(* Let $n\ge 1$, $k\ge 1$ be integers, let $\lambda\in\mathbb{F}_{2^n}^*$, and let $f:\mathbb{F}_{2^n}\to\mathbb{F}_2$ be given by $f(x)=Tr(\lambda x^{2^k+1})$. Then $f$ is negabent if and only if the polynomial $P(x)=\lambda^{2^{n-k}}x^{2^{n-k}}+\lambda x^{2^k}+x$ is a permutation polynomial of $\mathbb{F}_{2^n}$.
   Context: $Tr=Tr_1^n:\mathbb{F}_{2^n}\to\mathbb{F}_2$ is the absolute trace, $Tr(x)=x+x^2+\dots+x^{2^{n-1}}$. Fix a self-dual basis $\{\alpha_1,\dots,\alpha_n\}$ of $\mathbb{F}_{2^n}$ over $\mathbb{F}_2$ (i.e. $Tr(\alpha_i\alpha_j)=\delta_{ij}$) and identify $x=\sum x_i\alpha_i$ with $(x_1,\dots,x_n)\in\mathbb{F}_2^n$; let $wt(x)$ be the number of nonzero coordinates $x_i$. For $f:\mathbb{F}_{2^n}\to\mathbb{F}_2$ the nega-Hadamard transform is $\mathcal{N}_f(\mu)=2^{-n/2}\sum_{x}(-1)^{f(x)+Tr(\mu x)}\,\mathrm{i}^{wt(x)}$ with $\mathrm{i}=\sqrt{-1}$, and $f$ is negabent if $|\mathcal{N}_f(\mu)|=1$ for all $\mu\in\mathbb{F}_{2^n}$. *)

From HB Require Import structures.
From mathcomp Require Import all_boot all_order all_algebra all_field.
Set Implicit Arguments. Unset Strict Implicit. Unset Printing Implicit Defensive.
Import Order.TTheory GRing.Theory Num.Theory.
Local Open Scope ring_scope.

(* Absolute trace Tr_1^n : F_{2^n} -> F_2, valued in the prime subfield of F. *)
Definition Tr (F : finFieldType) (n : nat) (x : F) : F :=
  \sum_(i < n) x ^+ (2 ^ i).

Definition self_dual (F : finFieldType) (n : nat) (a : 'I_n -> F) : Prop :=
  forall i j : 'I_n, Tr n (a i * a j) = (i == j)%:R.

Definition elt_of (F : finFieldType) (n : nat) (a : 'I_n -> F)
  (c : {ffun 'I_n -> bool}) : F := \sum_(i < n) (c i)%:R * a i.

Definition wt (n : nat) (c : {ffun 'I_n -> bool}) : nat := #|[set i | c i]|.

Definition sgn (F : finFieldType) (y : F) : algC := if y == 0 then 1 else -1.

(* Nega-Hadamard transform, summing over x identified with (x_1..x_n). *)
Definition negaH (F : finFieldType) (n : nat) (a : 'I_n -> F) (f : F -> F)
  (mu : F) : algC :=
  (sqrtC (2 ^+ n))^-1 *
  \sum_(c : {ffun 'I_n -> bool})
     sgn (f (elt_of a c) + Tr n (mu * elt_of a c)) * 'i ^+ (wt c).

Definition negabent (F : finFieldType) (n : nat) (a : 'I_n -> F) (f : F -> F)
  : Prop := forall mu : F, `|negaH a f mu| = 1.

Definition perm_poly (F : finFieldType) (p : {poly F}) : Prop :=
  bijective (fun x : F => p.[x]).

--

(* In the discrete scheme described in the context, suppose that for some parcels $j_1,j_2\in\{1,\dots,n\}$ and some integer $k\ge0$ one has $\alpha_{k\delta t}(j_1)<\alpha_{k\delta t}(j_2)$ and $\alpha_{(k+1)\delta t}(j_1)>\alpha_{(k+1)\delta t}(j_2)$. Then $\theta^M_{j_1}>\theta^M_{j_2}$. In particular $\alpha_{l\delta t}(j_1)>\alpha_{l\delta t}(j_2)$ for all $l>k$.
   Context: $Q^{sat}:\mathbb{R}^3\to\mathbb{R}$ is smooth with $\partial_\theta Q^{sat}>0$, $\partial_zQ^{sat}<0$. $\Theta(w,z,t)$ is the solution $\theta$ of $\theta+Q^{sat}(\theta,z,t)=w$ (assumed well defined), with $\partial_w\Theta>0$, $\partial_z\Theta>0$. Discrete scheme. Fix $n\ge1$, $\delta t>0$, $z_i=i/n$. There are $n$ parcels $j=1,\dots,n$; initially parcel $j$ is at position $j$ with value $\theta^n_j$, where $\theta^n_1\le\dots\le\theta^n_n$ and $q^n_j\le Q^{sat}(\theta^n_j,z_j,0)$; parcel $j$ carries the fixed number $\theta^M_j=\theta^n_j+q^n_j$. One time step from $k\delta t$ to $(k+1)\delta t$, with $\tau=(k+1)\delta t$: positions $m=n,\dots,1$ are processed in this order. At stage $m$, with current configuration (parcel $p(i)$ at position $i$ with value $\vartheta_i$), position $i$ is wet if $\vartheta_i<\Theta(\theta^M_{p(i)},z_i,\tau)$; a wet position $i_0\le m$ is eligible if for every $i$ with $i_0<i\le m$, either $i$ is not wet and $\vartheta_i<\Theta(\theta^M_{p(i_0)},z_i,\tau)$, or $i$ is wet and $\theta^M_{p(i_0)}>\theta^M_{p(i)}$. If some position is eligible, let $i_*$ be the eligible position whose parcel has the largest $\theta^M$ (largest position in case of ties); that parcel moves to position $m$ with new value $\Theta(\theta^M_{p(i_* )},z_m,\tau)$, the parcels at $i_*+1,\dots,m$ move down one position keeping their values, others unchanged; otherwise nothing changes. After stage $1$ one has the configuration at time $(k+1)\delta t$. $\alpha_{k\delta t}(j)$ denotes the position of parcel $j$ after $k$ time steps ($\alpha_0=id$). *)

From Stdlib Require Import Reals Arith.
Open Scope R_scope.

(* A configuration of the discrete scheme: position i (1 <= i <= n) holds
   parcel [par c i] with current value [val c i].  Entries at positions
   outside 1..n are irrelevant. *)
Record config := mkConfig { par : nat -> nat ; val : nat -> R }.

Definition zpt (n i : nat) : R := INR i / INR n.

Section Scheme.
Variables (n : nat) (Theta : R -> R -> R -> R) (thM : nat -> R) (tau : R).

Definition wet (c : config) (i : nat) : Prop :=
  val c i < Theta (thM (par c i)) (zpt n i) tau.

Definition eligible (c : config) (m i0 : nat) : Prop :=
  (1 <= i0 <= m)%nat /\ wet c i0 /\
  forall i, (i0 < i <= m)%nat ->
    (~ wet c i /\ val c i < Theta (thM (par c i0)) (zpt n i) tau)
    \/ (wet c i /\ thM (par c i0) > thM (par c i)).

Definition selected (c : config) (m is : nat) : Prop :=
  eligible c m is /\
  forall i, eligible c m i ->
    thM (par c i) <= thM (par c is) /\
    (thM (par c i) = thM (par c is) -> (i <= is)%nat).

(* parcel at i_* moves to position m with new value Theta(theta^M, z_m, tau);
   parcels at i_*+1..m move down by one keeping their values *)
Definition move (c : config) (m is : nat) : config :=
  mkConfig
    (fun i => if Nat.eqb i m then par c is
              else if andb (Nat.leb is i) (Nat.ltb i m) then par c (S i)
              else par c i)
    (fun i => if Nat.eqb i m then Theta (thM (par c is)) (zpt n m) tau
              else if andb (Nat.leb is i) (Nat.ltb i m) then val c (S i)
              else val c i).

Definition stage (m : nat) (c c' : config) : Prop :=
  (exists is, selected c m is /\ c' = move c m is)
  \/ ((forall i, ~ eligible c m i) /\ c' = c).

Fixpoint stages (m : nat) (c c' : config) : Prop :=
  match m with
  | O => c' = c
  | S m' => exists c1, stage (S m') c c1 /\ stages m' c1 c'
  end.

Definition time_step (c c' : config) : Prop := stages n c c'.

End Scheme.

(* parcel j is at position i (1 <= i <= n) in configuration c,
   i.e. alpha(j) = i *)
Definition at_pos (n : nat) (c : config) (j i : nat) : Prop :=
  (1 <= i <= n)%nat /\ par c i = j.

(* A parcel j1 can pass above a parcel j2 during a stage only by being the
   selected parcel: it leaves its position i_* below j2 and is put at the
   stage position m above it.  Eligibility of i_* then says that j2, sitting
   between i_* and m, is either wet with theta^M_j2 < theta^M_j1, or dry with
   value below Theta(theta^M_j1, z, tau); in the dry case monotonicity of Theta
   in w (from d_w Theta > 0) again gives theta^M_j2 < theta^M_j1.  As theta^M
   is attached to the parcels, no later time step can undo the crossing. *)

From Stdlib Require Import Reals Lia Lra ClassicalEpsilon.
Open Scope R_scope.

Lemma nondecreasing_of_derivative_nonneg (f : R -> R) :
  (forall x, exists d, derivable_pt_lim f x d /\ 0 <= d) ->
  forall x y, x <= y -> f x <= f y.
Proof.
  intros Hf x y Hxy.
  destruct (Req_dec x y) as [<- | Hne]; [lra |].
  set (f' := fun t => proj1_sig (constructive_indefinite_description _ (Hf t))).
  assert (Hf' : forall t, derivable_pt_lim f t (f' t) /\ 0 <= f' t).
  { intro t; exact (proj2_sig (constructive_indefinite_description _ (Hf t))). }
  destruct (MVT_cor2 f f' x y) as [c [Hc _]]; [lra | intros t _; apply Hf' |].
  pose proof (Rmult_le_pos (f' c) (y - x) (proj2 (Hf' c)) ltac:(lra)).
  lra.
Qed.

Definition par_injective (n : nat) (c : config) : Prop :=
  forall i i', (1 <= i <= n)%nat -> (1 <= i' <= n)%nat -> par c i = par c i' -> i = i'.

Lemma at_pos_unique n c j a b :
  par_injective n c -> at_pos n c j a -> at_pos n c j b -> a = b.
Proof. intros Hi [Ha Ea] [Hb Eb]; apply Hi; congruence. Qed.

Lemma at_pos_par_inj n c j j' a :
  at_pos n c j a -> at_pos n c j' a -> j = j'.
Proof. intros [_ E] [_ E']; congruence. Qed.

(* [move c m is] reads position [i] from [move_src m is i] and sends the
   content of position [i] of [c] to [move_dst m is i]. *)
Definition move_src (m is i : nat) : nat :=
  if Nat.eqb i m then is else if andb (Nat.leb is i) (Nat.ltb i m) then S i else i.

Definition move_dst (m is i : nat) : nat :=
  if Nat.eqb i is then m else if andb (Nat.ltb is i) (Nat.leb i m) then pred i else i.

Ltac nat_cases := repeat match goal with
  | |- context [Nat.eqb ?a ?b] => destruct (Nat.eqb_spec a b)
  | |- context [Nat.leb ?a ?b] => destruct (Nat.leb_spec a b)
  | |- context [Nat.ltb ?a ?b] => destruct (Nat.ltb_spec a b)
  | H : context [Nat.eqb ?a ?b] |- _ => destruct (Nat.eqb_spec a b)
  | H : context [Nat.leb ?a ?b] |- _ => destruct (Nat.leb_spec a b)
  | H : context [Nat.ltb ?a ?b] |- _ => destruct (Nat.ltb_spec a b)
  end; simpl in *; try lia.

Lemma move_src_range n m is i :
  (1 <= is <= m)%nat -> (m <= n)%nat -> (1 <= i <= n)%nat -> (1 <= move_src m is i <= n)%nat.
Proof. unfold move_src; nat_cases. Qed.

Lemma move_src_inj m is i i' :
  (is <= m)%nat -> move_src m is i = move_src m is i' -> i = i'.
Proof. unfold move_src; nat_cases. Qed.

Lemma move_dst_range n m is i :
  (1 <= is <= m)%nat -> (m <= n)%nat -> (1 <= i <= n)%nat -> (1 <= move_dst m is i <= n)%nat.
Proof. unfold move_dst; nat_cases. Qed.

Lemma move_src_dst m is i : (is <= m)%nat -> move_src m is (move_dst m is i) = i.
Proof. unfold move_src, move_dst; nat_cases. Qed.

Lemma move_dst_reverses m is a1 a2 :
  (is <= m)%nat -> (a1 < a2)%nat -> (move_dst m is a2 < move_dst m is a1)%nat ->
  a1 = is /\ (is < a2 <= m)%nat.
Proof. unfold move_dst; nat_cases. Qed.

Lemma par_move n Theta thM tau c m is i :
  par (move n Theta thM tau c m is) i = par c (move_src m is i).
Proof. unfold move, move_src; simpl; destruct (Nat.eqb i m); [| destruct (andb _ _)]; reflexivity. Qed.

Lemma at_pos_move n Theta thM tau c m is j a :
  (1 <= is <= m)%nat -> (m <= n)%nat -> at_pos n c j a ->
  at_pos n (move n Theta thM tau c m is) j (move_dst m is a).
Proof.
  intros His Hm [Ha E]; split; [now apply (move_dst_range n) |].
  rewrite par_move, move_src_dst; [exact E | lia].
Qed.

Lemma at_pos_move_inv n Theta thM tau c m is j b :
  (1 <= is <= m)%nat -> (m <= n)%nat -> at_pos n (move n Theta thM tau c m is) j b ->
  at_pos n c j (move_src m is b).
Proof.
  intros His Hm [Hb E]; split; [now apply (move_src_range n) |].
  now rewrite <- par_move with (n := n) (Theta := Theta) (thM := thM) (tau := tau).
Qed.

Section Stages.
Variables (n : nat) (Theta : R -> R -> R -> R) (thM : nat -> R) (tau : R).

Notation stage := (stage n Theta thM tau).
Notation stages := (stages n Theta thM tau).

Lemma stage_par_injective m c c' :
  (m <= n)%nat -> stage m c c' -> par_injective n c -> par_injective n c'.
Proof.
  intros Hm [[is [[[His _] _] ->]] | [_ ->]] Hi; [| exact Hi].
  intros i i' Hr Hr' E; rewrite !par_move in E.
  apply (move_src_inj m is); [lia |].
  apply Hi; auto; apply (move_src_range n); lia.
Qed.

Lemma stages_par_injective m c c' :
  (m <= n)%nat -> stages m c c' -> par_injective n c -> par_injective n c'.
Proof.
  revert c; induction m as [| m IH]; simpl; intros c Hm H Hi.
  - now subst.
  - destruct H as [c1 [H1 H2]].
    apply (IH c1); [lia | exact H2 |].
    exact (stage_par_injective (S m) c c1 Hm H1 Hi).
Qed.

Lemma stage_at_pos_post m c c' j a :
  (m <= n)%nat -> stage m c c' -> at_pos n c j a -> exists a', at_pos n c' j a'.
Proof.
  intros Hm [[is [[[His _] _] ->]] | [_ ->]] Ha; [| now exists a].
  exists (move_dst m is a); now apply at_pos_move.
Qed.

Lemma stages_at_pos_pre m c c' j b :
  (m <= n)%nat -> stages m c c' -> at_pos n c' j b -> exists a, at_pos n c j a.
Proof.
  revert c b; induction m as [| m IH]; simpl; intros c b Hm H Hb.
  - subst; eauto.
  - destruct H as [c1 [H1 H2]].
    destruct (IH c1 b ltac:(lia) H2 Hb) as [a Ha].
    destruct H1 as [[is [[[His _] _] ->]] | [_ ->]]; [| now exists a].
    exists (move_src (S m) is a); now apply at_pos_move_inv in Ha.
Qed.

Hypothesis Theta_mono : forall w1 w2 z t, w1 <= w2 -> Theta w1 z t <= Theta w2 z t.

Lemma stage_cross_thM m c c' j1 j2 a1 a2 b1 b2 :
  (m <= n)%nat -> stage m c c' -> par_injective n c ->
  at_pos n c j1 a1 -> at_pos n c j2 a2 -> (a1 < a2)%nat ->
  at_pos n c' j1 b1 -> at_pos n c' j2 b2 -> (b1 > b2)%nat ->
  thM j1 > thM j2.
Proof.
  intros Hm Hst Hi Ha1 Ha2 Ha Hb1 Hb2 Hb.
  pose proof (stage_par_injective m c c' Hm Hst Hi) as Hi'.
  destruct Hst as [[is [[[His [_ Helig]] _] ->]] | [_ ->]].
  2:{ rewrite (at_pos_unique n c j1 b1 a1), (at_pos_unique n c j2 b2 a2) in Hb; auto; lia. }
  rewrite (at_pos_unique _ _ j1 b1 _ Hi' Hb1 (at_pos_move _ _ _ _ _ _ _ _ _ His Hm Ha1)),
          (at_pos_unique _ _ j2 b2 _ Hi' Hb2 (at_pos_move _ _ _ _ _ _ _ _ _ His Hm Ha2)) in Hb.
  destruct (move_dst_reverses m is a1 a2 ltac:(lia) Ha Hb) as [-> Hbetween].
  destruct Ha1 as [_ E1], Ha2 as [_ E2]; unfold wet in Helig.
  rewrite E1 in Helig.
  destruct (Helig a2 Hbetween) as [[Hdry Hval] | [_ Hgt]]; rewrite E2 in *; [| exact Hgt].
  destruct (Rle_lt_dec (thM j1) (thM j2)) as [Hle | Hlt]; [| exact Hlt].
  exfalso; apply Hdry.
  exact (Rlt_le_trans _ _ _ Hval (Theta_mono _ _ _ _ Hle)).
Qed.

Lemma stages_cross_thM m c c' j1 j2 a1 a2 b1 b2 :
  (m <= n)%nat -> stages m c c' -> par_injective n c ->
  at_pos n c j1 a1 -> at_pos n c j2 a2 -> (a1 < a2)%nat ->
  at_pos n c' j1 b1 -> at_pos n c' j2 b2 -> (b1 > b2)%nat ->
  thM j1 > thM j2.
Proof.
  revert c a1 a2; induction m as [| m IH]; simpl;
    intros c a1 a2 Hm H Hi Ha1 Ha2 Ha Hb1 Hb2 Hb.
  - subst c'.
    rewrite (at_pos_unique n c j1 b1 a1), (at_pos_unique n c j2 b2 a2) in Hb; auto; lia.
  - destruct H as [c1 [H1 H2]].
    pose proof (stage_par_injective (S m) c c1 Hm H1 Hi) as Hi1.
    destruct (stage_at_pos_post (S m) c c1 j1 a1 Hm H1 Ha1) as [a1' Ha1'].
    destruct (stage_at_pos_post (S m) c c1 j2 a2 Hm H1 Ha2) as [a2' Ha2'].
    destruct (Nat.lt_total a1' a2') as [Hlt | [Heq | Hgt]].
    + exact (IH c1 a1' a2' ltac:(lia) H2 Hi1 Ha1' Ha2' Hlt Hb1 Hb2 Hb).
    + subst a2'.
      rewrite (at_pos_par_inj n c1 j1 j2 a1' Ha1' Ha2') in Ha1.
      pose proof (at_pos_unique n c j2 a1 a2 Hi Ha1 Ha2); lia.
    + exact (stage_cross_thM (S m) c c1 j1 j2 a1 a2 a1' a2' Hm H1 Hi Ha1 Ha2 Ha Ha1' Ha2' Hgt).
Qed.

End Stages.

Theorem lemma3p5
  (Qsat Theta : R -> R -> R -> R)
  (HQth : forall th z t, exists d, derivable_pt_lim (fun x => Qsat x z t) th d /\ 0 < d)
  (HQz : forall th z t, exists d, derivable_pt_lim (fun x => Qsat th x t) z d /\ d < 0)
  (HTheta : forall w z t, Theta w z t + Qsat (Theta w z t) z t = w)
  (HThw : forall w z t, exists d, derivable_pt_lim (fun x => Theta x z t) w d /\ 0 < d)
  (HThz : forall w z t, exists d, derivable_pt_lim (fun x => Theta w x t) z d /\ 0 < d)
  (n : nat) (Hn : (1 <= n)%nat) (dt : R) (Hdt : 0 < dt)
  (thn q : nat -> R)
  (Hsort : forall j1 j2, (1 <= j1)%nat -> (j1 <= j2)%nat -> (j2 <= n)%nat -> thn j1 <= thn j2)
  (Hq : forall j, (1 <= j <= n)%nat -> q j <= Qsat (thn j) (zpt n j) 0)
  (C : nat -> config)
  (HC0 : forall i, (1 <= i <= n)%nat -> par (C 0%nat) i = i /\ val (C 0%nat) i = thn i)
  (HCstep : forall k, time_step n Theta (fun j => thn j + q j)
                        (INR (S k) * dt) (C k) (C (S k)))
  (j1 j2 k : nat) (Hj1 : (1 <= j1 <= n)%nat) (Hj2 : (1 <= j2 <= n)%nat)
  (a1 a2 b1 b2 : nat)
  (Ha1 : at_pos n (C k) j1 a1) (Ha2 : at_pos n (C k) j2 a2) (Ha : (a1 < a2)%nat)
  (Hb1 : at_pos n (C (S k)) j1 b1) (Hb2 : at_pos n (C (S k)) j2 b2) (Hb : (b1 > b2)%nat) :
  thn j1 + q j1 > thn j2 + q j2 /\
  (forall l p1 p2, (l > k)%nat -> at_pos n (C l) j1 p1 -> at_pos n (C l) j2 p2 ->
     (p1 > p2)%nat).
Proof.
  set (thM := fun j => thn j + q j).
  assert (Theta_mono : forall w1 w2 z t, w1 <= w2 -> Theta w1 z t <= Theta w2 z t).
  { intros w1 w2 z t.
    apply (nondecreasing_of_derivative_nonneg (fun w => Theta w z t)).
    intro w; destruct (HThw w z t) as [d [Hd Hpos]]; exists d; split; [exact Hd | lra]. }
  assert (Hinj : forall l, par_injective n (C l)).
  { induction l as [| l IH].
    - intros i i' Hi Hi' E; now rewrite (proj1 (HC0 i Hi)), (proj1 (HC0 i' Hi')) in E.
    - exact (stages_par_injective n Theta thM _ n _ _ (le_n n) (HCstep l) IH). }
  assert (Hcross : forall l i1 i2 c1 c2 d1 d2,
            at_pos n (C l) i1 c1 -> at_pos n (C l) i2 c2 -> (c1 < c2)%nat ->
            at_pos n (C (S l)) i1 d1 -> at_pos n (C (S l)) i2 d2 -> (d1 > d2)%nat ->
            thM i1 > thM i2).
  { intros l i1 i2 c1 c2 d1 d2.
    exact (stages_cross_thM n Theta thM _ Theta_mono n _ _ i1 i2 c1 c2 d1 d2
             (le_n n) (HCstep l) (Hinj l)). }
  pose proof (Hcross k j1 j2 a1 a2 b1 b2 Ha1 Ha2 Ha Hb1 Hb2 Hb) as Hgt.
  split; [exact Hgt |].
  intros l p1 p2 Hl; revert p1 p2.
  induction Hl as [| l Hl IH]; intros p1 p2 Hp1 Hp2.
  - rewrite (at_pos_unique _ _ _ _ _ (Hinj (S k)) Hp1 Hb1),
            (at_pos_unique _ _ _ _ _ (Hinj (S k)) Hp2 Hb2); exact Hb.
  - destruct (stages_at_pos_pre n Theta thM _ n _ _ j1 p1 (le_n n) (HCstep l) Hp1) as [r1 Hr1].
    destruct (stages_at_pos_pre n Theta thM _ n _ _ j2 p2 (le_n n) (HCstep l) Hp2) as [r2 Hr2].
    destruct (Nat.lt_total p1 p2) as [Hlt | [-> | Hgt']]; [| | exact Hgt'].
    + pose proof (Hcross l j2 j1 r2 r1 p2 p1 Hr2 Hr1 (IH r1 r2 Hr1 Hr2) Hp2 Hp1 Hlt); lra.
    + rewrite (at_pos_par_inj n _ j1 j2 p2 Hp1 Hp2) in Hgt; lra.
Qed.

— What is required —
Retype the portion of the data above that starts on the line with "Lemma move_src_range n" and finishes on the line with "apply (move_src_inj m is); [lia |].", including both of those lines.

— Response to this exercise —
Lemma move_src_range n m is i :
  (1 <= is <= m)%nat -> (m <= n)%nat -> (1 <= i <= n)%nat -> (1 <= move_src m is i <= n)%nat.
Proof. unfold move_src; nat_cases. Qed.

Lemma move_src_inj m is i i' :
  (is <= m)%nat -> move_src m is i = move_src m is i' -> i = i'.
Proof. unfold move_src; nat_cases. Qed.

Lemma move_dst_range n m is i :
  (1 <= is <= m)%nat -> (m <= n)%nat -> (1 <= i <= n)%nat -> (1 <= move_dst m is i <= n)%nat.
Proof. unfold move_dst; nat_cases. Qed.

Lemma move_src_dst m is i : (is <= m)%nat -> move_src m is (move_dst m is i) = i.
Proof. unfold move_src, move_dst; nat_cases. Qed.

Lemma move_dst_reverses m is a1 a2 :
  (is <= m)%nat -> (a1 < a2)%nat -> (move_dst m is a2 < move_dst m is a1)%nat ->
  a1 = is /\ (is < a2 <= m)%nat.
Proof. unfold move_dst; nat_cases. Qed.

Lemma par_move n Theta thM tau c m is i :
  par (move n Theta thM tau c m is) i = par c (move_src m is i).
Proof. unfold move, move_src; simpl; destruct (Nat.eqb i m); [| destruct (andb _ _)]; reflexivity. Qed.

Lemma at_pos_move n Theta thM tau c m is j a :
  (1 <= is <= m)%nat -> (m <= n)%nat -> at_pos n c j a ->
  at_pos n (move n Theta thM tau c m is) j (move_dst m is a).
Proof.
  intros His Hm [Ha E]; split; [now apply (move_dst_range n) |].
  rewrite par_move, move_src_dst; [exact E | lia].
Qed.

Lemma at_pos_move_inv n Theta thM tau c m is j b :
  (1 <= is <= m)%nat -> (m <= n)%nat -> at_pos n (move n Theta thM tau c m is) j b ->
  at_pos n c j (move_src m is b).
Proof.
  intros His Hm [Hb E]; split; [now apply (move_src_range n) |].
  now rewrite <- par_move with (n := n) (Theta := Theta) (thM := thM) (tau := tau).
Qed.

Section Stages.
Variables (n : nat) (Theta : R -> R -> R -> R) (thM : nat -> R) (tau : R).

Notation stage := (stage n Theta thM tau).
Notation stages := (stages n Theta thM tau).

Lemma stage_par_injective m c c' :
  (m <= n)%nat -> stage m c c' -> par_injective n c -> par_injective n c'.
Proof.
  intros Hm [[is [[[His _] _] ->]] | [_ ->]] Hi; [| exact Hi].
  intros i i' Hr Hr' E; rewrite !par_move in E.
  apply (move_src_inj m is); [lia |].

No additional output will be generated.